In addition to the data obtained by the various determinations, [Table 2] gives the relation between the results of the determinations for each individual sample. For instance, the ratio of pulp solids to filtrate solids (pulp solids divided by filtrate solids) varies in the different samples from 1.091 to 1.154, and, with the exception of two samples, it varies from 1.100 to 1.145. The average of the 33 samples was 1.12. The relation of insoluble solids to total solids (expressed as per cent of insoluble solids in total solids) is shown in Table 2. Considering the variations in the methods employed by different manufacturers in the preparation of tomato pulp, the per cent of insoluble solids in the total solids as shown by this column is closer than we might expect, varying in most of the samples from 11 to 14 per cent.

The per cent of sugar in the soluble solids, as shown by Table 2, varies in most of the samples from 50 to 55 per cent. This figure cannot be expected to be constant in different localities and in different years.

The acid, estimated as citric, constitutes in most of the samples from 9 to 10 per cent of the soluble solids.

Of especial interest is the refractive constant of the filtered liquor, shown in the last column of Table 2. The refractive constant of the various samples is much more uniform than might be expected from a product of this nature.
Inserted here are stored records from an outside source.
(* Let $V$ be a finite set and let $\Pi=\{\mathcal{P}_1,\mathcal{P}_2,\mathcal{P}_3\}$ be a homogeneous $3$-scheme on $V$. Then $(V,\mathcal{P}_2\cup\{1\})$ is an association scheme, where $1=\{(v,v)\mid v\in V\}$ is the identity relation.
   Context: For a finite set $V$ and $s\geq1$, let $V^{(s)}$ be the set of $s$-tuples of pairwise distinct elements of $V$. For $s>1$ and $1\leq i\leq s$, $\pi^s_i:V^{(s)}\to V^{(s-1)}$ deletes the $i$-th coordinate. $\mathrm{Symm}_s$ acts on $V^{(s)}$ by $(v_1,\dots,v_s)^\tau=(v_{1^\tau},\dots,v_{s^\tau})$. An $m$-collection on $V$ is a set $\Pi=\{\mathcal{P}_1,\dots,\mathcal{P}_m\}$ where $\mathcal{P}_s$ is a partition of $V^{(s)}$; its classes are called colors. It is an $m$-scheme if for every $1<s\leq m$: (compatibility) whenever $\bar u,\bar v$ lie in the same color of $\mathcal{P}_s$, for every $i$ the tuples $\pi^s_i(\bar u),\pi^s_i(\bar v)$ lie in the same color of $\mathcal{P}_{s-1}$; (regularity) whenever $\bar u,\bar v$ lie in the same color of $\mathcal{P}_{s-1}$, for every $1\leq i\leq s$ and every $P\in\mathcal{P}_s$, $\#\{\bar u'\in P\mid \pi^s_i(\bar u')=\bar u\}=\#\{\bar v'\in P\mid\pi^s_i(\bar v')=\bar v\}$; (invariance) for every $P\in\mathcal{P}_s$ and $\tau\in\mathrm{Symm}_s$, $P^\tau:=\{\bar v^\tau\mid \bar v\in P\}\in\mathcal{P}_s$. It is homogeneous if $|\mathcal{P}_1|=1$. An association scheme is a pair $(X,G)$ with $X$ finite and $G$ a partition of $X\times X$ containing the identity relation $1$, closed under $g\mapsto g^*:=\{(y,x)\mid(x,y)\in g\}$, and such that for all $f,g,h\in G$ the number $\#\{\gamma\in X\mid(\alpha,\gamma)\in f,(\gamma,\beta)\in g\}$ is the same for all $(\alpha,\beta)\in h$. *)

From mathcomp Require Import all_boot all_fingroup.
Set Implicit Arguments. Unset Strict Implicit. Unset Printing Implicit Defensive.

Section Schemes.
Variable V : finType.

Definition dtuples (s : nat) : {set s.-tuple V} := [set t : s.-tuple V | uniq t].

Definition deltup (k : nat) (t : k.+1.-tuple V) (i : 'I_k.+1) : k.-tuple V :=
  [tuple tnth t (lift i j) | j < k].

Definition permtup (s : nat) (tau : 'S_s) (t : s.-tuple V) : s.-tuple V :=
  [tuple tnth t (tau j) | j < s].

Definition same_color (T : finType) (Ps : {set {set T}}) (x y : T) : bool :=
  [exists Q in Ps, (x \in Q) && (y \in Q)].

Definition is_collection (m : nat) (P : forall s, {set {set s.-tuple V}}) : Prop :=
  forall s, 1 <= s <= m -> partition (P s) (dtuples s).

Definition compatibility (k : nat) (P : forall s, {set {set s.-tuple V}}) : Prop :=
  forall (u v : k.+1.-tuple V), same_color (P k.+1) u v ->
    forall i : 'I_k.+1, same_color (P k) (deltup u i) (deltup v i).

Definition regularity (k : nat) (P : forall s, {set {set s.-tuple V}}) : Prop :=
  forall (u v : k.-tuple V), same_color (P k) u v ->
    forall (i : 'I_k.+1) (C : {set k.+1.-tuple V}), C \in P k.+1 ->
      #|[set u' in C | deltup u' i == u]| = #|[set v' in C | deltup v' i == v]|.

Definition invariance (s : nat) (P : forall s, {set {set s.-tuple V}}) : Prop :=
  forall (C : {set s.-tuple V}), C \in P s ->
    forall tau : 'S_s, [set permtup tau t | t in C] \in P s.

(* m-scheme: conditions for every 1 < s <= m, written s = k.+1 *)
Definition is_scheme (m : nat) (P : forall s, {set {set s.-tuple V}}) : Prop :=
  is_collection m P /\
  forall k, 1 <= k -> k.+1 <= m ->
    [/\ compatibility k P, regularity k P & invariance k.+1 P].

Definition homogeneous (P : forall s, {set {set s.-tuple V}}) : Prop :=
  #|P 1| = 1.

Definition rel_of_color (C : {set 2.-tuple V}) : {set V * V} :=
  [set (tnth t ord0, tnth t ord_max) | t in C].

End Schemes.

Section AssocScheme.
Variable X : finType.

Definition id_rel : {set X * X} := [set xy | xy.1 == xy.2].

Definition transpose_rel (g : {set X * X}) : {set X * X} :=
  [set xy | (xy.2, xy.1) \in g].

Definition is_association_scheme (G : {set {set X * X}}) : Prop :=
  [/\ partition G [set: X * X],
      id_rel \in G,
      (forall g, g \in G -> transpose_rel g \in G) &
      (forall f g h, f \in G -> g \in G -> h \in G ->
         forall a b a' b', (a, b) \in h -> (a', b') \in h ->
           #|[set c | ((a, c) \in f) && ((c, b) \in g)]| =
           #|[set c | ((a', c) \in f) && ((c, b') \in g)]|)].
End AssocScheme.

From mathcomp Require Import all_boot all_fingroup.
Set Implicit Arguments. Unset Strict Implicit. Unset Printing Implicit Defensive.
(* Let $\Gamma=\Lambda\times\Gamma_t$ be a finitely generated abelian group ($\Lambda$ free of rank $n$, $\Gamma_t$ finite), $T=\mathrm{Hom}(\Gamma,\mathbb{C}^* )$, and $X$ a finite list of nonzero elements of $\Lambda$ spanning a sublattice of finite index in $\Lambda$. For every $C\in\mathcal{C}(X)$, with $\mathcal{D}(C)=\{A\subseteq X: C\text{ is a connected component of }H_A\}$, $$\mu(T_C,C)=\sum_{A\in\mathcal{D}(C)}(-1)^{|A|}.$$
   Context: Each $\chi\in\Lambda$ gives a character $t\mapsto t(\chi)$ of $T$, with kernel $H_\chi=\{t\in T:t(\chi)=1\}$. For $A\subseteq X$, $H_A=\bigcap_{\chi\in A}H_\chi$ (with $H_\emptyset=T$). $\mathcal{C}(X)$ is the set of all connected components of all the sets $H_A$, $A\subseteq X$ (the layers), partially ordered by reverse inclusion; its minimal elements are the connected components of $T$. $\mu$ is the Möbius function of the poset $\mathcal{C}(X)$: $\mu(L,L)=1$, $\mu(L,M)=-\sum_{L\le N<M}\mu(L,N)$ for $L<M$, and $\mu(L,M)=0$ otherwise. For $C\in\mathcal{C}(X)$, $T_C$ is the connected component of $T$ containing $C$. *)

From HB Require Import structures.
From mathcomp Require Import all_boot all_order all_algebra.
From mathcomp Require Import all_classical all_reals all_analysis.
From mathcomp.real_closed Require Import complex.
Unset Printing Implicit Defensive.
Import Order.TTheory GRing.Theory Num.Theory numFieldNormedType.Exports.
Local Open Scope classical_set_scope.
Local Open Scope ring_scope.

Definition Gam (n : nat) (Gt : finZmodType) : zmodType :=
  ('rV[int]_n * Gt)%type.

(* The ambient space of all functions Gamma -> C (C = R[i], R a realType),
   with the topology of pointwise convergence, C being topologised as R^2
   through z |-> (Re z, Im z). *)
Definition Amb (R : realType) (n : nat) (Gt : finZmodType) :=
  initial_topology
    (fun t : Gam n Gt -> R[i] =>
       ((fun g => (complex.Re (t g), complex.Im (t g))) : {ptws Gam n Gt -> (R * R)%type})).

Definition Tset (R : realType) (n : nat) (Gt : finZmodType) : set (Amb R n Gt) :=
  [set t : Amb R n Gt | (forall a b : Gam n Gt, t (a + b) = t a * t b)
                        /\ (forall a : Gam n Gt, t a != 0)].

Definition chiL (n : nat) (Gt : finZmodType) (chi : 'rV[int]_n) : Gam n Gt :=
  (chi, 0).

Definition HA (R : realType) (n : nat) (Gt : finZmodType) (m : nat)
  (X : 'I_m -> 'rV[int]_n) (A : {set 'I_m}) : set (Amb R n Gt) :=
  [set t | Tset R n Gt t /\ (forall i, i \in A -> t (chiL n Gt (X i)) = 1)].

Definition is_comp_of (R : realType) (n : nat) (Gt : finZmodType) (m : nat)
  (X : 'I_m -> 'rV[int]_n) (A : {set 'I_m}) (C : set (Amb R n Gt)) : Prop :=
  exists x, HA R n Gt m X A x /\ C = connected_component (HA R n Gt m X A) x.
[Table 2] is chiefly interesting as affording the data from which [Tables 4] and [5] were calculated. The uniformity of the relations shown in [Table 5] is such that it is usually possible from one determination on the filtrate and the determination of solids in the pulp by drying to distinguish pulp made from whole tomatoes from that made from trimming stock. For instance, if the specific gravity or index of refraction of a filtrate prepared from a pulp of unknown origin, and the per cent of solids in the pulp by drying, do not agree approximately with the relation between these determinations as shown in [Table 5], it may be assumed that the sample was not prepared from whole tomatoes, or that some other substance, such as salt, has been added. Moreover, trimming stock pulp rarely conforms to the relations found in whole tomato pulp. For instance, the insoluble solids are usually higher and the acid lower in trimming stock pulp.

Trimming Stock Pulp

In [Table 3] are given the results of the examination of 21 typical samples of trimming stock pulp prepared at different plants and in different localities. This table is of especial interest in showing that the relations between the results of the various analytical determinations differ from those of whole tomato pulps as given in [Table 5]. For instance, in No. 1470 the immersion refractometer reading is 45.90, and the per cent of solids is 9.54, whereas, according to [Table 5], the per cent of solids in the pulp corresponding to an index of refraction of 45.90 should be 8.57. The specific gravity of the pulp is 1.0373, which, according to [Table 5], should correspond to 8.98 instead of 9.54. Of course it cannot be said definitely that a pulp which on examination is found to conform to all the relations shown in Table 5 is necessarily whole tomato pulp. It is entirely possible for an occasional sample of trimming stock pulp to conform to all the relations shown in that table; moreover, the extent to which different samples of trimming stock pulp will vary from the relations shown in [Table 5] differs with the manner of preparation. For instance, if a portion of the juice is discarded in the manufacture of trimming stock pulp, as is still the practice of some manufacturers, the variation from whole tomato pulp will be greater than otherwise and the variation will increase with the amount of juice discarded.

Methods of Analysis [2]

These methods may also be applied to the examination of raw tomatoes and canned tomatoes. In applying the relations given below to the results obtained by the examination of tomato pulp or canned tomatoes, it is assumed that no substance such as sugar or salt has been added. If salt is found to be present in excess of the amount normal to tomatoes (from 0.05 to 0.1 per cent), it is necessary to determine the amount and make correction therefor before applying the relations given below.

In examining raw tomatoes, care must be taken to secure a representative sample of the juice. This cannot be done by applying pressure directly, as the juice of the seed receptacles is of different composition from that of the fleshy part of the tomato. It is necessary, therefore, to crush the sample and thoroughly cook it in a flask surrounded by boiling water and connected with a reflux condenser.